• **TRY IT**
Please copy out the entries below exactly, beginning with the line that contains "rsum m u = 0 -> 0 <= 1 + u i ->" and ending with the line that contains "Lemma age_decomposition_concentrate d", and include nothing outside that span.

• **DATA LISTING**
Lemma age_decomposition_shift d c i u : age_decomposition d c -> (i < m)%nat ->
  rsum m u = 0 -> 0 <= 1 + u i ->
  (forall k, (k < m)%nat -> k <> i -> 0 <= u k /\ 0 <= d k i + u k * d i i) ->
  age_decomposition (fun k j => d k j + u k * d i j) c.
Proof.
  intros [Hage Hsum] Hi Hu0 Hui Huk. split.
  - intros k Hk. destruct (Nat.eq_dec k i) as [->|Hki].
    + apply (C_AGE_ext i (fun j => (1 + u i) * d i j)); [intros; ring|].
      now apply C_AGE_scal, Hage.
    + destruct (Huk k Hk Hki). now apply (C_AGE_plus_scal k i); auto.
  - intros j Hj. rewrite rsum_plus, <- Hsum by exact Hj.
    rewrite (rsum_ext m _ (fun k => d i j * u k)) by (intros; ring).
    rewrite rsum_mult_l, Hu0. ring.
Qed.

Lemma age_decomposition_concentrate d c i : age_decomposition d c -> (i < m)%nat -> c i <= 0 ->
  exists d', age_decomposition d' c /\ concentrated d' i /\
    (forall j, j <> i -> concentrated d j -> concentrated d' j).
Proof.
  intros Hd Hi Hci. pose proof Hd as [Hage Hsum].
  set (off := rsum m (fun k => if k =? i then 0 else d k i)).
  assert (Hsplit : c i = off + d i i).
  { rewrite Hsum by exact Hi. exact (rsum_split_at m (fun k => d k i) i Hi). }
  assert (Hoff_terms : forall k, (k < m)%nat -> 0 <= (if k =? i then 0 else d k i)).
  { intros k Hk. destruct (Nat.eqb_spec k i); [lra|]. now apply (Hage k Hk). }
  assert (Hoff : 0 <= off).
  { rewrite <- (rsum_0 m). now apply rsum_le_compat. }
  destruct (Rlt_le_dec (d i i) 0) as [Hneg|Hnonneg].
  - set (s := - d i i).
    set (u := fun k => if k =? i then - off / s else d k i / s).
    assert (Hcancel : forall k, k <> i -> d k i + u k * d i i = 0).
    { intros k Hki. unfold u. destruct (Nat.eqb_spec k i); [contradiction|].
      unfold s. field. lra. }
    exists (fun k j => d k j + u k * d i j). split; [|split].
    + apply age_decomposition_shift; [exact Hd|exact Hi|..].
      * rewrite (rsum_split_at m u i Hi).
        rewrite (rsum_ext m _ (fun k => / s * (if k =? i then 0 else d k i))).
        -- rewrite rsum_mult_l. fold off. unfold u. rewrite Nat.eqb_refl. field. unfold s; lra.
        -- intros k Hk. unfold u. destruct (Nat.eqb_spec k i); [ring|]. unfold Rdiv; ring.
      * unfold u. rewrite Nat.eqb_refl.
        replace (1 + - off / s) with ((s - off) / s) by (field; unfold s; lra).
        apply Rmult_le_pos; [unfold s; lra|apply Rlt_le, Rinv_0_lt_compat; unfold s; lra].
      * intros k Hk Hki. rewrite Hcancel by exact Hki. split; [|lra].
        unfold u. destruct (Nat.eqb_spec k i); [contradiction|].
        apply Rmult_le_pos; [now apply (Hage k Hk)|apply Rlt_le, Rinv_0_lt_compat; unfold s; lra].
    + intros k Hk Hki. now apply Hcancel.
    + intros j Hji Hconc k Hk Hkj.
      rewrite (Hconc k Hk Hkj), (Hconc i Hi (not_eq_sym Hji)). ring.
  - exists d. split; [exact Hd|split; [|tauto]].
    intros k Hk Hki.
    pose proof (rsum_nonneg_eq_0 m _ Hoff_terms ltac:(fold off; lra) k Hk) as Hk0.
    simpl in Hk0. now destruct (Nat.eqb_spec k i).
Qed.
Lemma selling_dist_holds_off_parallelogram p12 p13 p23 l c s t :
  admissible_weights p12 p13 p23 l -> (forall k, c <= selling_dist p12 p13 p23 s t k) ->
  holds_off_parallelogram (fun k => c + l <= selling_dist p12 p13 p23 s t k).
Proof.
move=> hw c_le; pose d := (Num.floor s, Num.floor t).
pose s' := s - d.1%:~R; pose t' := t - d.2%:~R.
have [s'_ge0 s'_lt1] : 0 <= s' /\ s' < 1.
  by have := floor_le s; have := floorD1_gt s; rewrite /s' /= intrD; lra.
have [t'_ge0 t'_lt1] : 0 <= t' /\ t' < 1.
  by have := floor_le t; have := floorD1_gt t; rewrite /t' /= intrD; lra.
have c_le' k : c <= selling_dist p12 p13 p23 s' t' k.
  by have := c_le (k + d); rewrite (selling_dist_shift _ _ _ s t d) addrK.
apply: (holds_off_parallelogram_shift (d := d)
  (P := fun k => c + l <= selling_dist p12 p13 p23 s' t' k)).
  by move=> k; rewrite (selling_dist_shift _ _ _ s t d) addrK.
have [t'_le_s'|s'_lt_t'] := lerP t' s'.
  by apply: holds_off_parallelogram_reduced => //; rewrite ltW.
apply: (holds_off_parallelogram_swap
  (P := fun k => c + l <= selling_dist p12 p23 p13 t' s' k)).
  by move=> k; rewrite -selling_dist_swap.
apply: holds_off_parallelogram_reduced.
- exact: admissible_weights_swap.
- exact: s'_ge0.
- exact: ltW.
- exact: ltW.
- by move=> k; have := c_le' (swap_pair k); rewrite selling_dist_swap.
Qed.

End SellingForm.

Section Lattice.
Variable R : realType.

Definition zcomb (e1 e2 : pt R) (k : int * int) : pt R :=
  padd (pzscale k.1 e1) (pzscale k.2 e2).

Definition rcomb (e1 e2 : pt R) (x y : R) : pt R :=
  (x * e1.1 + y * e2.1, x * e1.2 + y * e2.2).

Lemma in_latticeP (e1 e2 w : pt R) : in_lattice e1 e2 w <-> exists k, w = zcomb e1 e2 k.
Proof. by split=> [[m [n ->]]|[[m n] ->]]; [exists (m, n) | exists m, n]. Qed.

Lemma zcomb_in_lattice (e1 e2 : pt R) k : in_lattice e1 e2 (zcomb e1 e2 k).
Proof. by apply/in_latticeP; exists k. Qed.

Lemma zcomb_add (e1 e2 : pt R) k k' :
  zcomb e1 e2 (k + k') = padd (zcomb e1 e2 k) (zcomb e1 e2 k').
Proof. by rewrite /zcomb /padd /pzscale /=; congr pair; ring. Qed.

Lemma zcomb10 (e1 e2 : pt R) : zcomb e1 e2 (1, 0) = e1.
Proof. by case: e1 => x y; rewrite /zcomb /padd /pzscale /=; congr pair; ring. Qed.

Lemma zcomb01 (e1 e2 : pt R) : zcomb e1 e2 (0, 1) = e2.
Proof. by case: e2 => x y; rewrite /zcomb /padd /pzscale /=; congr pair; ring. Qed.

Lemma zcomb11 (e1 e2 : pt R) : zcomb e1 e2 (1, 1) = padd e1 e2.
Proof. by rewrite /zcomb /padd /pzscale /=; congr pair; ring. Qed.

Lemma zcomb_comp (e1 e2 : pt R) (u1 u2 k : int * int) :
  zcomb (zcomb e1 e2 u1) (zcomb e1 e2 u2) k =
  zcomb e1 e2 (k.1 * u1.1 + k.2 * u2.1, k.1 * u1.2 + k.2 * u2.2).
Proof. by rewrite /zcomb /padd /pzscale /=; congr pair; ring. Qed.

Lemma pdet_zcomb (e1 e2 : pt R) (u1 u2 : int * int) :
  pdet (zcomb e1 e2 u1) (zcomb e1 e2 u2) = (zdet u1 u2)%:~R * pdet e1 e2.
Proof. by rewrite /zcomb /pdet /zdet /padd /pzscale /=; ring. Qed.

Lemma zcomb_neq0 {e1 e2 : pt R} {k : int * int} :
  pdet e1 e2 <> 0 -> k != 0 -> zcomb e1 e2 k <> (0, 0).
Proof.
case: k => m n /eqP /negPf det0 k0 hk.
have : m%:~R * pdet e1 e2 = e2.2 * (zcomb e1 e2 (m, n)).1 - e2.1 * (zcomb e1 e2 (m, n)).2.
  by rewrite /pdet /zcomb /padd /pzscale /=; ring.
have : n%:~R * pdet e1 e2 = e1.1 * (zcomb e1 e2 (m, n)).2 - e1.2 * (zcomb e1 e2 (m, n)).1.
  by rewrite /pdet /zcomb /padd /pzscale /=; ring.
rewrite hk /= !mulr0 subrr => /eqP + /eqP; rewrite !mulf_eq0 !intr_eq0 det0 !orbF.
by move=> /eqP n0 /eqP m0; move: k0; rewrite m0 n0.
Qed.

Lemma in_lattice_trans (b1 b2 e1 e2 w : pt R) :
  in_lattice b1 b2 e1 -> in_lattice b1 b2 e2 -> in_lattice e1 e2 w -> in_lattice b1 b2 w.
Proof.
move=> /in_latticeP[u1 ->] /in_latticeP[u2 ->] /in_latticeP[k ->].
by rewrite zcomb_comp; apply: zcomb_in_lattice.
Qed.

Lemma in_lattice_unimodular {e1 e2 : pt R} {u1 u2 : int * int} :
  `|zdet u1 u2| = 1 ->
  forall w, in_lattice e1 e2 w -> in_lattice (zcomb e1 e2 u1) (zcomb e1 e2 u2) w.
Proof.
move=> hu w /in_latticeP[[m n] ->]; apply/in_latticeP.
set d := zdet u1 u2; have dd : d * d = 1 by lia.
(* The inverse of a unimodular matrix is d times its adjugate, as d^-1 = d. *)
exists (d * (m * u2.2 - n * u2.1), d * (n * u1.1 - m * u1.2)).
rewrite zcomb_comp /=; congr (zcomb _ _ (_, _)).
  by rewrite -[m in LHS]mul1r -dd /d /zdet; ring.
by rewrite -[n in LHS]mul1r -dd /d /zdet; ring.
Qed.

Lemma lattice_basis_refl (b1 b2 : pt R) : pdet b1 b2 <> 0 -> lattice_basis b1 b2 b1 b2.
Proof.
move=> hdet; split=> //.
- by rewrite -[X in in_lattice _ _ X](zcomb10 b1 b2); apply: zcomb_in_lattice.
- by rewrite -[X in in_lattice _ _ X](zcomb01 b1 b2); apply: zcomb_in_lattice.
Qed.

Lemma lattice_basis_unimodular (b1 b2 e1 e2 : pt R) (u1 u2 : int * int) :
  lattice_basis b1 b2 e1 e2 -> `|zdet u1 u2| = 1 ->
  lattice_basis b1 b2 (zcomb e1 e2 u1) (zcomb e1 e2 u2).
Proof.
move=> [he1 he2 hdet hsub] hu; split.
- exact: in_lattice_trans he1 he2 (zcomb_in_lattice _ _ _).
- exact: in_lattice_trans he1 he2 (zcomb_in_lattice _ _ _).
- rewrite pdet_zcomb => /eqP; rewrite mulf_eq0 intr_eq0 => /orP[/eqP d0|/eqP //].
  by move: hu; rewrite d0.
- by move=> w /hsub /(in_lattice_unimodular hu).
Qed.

---

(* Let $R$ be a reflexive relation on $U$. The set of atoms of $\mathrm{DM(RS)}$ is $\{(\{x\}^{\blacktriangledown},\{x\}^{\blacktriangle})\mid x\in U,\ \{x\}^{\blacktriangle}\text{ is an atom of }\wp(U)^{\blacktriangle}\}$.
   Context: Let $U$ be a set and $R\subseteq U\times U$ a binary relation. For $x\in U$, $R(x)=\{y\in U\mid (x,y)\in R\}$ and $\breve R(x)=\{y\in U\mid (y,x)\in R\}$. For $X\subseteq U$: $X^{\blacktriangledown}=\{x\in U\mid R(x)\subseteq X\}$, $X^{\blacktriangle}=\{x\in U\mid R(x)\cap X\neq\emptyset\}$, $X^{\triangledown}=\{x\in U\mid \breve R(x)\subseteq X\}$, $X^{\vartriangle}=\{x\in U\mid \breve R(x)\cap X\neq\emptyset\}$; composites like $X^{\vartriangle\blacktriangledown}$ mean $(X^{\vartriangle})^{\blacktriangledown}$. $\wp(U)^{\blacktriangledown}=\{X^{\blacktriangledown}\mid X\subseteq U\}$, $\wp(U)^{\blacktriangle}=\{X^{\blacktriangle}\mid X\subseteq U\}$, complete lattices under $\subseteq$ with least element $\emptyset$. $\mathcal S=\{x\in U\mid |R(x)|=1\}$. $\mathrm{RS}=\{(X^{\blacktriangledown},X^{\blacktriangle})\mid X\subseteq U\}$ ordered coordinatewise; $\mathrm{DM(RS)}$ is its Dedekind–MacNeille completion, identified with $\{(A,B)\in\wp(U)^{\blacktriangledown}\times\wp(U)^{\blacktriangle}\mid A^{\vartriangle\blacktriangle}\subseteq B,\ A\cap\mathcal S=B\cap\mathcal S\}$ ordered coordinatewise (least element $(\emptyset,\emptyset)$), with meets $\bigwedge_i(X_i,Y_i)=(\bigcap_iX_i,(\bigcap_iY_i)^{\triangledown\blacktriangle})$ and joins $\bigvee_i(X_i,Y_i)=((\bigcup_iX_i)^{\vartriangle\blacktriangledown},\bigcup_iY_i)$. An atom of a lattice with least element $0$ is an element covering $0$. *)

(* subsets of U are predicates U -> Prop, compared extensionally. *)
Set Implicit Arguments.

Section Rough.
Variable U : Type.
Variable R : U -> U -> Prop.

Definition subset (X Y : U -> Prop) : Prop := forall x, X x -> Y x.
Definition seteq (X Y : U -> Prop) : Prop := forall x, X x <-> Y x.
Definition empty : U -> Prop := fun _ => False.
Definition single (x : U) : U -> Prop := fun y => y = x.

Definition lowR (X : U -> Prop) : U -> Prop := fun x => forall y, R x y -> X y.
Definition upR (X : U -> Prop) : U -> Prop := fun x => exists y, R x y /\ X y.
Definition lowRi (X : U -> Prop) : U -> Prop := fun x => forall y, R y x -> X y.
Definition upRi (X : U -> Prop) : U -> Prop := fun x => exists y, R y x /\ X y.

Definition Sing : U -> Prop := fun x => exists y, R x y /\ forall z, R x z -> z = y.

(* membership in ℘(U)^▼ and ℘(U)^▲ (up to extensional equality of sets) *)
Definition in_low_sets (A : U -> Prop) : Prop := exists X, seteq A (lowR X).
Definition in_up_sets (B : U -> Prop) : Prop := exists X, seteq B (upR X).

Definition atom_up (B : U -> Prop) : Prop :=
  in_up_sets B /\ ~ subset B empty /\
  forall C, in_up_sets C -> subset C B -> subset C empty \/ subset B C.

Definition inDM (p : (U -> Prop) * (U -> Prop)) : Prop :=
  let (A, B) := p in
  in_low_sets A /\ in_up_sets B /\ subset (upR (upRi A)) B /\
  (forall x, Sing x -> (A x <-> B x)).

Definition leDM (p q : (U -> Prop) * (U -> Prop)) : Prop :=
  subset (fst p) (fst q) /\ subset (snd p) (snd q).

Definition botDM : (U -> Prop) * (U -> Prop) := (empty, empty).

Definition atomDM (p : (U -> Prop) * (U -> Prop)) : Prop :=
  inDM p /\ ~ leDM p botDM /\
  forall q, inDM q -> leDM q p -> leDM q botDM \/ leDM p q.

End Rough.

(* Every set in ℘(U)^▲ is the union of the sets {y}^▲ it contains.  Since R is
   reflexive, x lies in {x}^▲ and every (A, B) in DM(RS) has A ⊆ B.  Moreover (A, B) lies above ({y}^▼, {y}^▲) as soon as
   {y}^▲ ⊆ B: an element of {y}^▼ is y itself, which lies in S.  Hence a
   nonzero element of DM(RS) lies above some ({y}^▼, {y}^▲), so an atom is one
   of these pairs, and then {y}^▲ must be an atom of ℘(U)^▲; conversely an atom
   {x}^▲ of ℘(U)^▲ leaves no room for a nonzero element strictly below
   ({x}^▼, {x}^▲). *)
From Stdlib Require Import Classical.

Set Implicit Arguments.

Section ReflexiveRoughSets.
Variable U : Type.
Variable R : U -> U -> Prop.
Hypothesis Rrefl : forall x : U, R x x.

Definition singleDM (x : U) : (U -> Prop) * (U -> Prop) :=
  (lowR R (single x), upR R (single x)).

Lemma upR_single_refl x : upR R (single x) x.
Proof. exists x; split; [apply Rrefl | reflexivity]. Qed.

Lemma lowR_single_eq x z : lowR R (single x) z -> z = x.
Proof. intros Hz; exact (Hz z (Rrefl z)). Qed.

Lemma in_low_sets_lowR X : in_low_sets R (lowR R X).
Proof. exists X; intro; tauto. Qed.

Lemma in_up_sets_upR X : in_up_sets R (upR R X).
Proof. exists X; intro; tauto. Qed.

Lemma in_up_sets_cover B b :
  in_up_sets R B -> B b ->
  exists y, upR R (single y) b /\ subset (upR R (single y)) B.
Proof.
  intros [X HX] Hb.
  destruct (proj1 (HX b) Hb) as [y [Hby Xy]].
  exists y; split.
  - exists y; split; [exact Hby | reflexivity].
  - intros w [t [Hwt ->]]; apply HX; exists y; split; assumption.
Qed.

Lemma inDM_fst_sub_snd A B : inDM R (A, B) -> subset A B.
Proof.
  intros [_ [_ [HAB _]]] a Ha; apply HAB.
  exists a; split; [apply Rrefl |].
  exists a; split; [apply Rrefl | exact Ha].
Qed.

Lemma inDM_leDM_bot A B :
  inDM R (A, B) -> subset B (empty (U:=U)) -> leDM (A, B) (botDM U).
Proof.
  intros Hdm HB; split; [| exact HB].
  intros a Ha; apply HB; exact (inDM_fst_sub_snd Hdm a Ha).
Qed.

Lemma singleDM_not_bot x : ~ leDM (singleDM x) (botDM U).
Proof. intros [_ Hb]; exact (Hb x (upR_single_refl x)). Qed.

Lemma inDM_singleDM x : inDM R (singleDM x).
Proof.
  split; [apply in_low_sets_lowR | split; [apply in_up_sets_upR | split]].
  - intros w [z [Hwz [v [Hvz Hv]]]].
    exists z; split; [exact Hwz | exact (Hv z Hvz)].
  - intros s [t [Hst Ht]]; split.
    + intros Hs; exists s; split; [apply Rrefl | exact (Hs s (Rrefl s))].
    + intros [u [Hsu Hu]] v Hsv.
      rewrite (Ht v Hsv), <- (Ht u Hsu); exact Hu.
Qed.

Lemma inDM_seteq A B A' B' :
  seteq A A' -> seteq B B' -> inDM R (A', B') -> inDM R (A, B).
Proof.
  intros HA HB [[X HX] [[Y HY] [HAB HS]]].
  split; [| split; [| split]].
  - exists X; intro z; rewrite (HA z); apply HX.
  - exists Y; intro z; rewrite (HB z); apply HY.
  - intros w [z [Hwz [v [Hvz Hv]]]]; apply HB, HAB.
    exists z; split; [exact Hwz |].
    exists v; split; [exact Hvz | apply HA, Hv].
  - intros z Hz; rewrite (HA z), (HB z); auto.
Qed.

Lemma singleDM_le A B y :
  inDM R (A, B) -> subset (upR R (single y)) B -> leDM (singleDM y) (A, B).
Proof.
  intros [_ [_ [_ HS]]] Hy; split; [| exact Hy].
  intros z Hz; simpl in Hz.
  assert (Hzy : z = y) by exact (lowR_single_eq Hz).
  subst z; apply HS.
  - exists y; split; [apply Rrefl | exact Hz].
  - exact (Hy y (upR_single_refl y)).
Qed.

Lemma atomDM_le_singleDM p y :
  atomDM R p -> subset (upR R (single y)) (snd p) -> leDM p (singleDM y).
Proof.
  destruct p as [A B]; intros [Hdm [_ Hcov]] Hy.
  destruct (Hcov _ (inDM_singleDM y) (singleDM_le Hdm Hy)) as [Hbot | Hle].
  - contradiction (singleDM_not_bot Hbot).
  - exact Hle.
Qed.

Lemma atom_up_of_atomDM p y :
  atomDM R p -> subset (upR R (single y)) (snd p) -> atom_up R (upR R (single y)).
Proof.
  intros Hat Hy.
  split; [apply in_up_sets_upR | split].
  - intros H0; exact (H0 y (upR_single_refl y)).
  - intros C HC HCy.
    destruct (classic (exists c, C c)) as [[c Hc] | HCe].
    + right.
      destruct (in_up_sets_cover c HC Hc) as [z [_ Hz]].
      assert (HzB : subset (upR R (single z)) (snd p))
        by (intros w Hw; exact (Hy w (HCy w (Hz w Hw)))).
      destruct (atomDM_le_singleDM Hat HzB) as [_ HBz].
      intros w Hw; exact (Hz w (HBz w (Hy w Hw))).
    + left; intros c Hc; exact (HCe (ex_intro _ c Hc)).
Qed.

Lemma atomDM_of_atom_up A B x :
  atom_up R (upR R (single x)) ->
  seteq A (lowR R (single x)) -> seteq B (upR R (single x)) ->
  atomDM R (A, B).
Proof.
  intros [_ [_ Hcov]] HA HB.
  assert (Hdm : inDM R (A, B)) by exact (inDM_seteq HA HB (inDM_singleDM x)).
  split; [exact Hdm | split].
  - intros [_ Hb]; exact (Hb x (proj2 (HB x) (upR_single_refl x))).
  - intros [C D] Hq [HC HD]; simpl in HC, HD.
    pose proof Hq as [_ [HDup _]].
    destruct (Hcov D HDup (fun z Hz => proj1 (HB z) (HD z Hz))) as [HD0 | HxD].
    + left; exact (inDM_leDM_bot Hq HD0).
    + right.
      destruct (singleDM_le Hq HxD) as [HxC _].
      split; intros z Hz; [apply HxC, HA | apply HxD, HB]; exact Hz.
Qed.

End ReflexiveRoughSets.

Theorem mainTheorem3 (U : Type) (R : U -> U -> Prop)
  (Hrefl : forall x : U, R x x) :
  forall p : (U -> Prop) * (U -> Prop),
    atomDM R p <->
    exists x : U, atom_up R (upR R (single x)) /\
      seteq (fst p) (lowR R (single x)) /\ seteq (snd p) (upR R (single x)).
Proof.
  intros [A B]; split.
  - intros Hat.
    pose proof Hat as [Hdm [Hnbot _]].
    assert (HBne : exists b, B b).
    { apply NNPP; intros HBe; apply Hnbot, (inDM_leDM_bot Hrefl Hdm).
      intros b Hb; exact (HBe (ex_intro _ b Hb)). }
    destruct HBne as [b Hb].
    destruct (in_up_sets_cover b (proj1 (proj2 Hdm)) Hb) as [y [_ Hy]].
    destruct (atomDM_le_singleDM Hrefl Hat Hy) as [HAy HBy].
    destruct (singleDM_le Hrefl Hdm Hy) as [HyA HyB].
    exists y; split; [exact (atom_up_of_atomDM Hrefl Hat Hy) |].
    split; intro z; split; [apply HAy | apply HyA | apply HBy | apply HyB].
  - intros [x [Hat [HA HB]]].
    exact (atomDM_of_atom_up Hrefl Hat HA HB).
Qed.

• **ANSWER SPACE**
  rsum m u = 0 -> 0 <= 1 + u i ->
  (forall k, (k < m)%nat -> k <> i -> 0 <= u k /\ 0 <= d k i + u k * d i i) ->
  age_decomposition (fun k j => d k j + u k * d i j) c.
Proof.
  intros [Hage Hsum] Hi Hu0 Hui Huk. split.
  - intros k Hk. destruct (Nat.eq_dec k i) as [->|Hki].
    + apply (C_AGE_ext i (fun j => (1 + u i) * d i j)); [intros; ring|].
      now apply C_AGE_scal, Hage.
    + destruct (Huk k Hk Hki). now apply (C_AGE_plus_scal k i); auto.
  - intros j Hj. rewrite rsum_plus, <- Hsum by exact Hj.
    rewrite (rsum_ext m _ (fun k => d i j * u k)) by (intros; ring).
    rewrite rsum_mult_l, Hu0. ring.
Qed.

Lemma age_decomposition_concentrate d c i : age_decomposition d c -> (i < m)%nat -> c i <= 0 ->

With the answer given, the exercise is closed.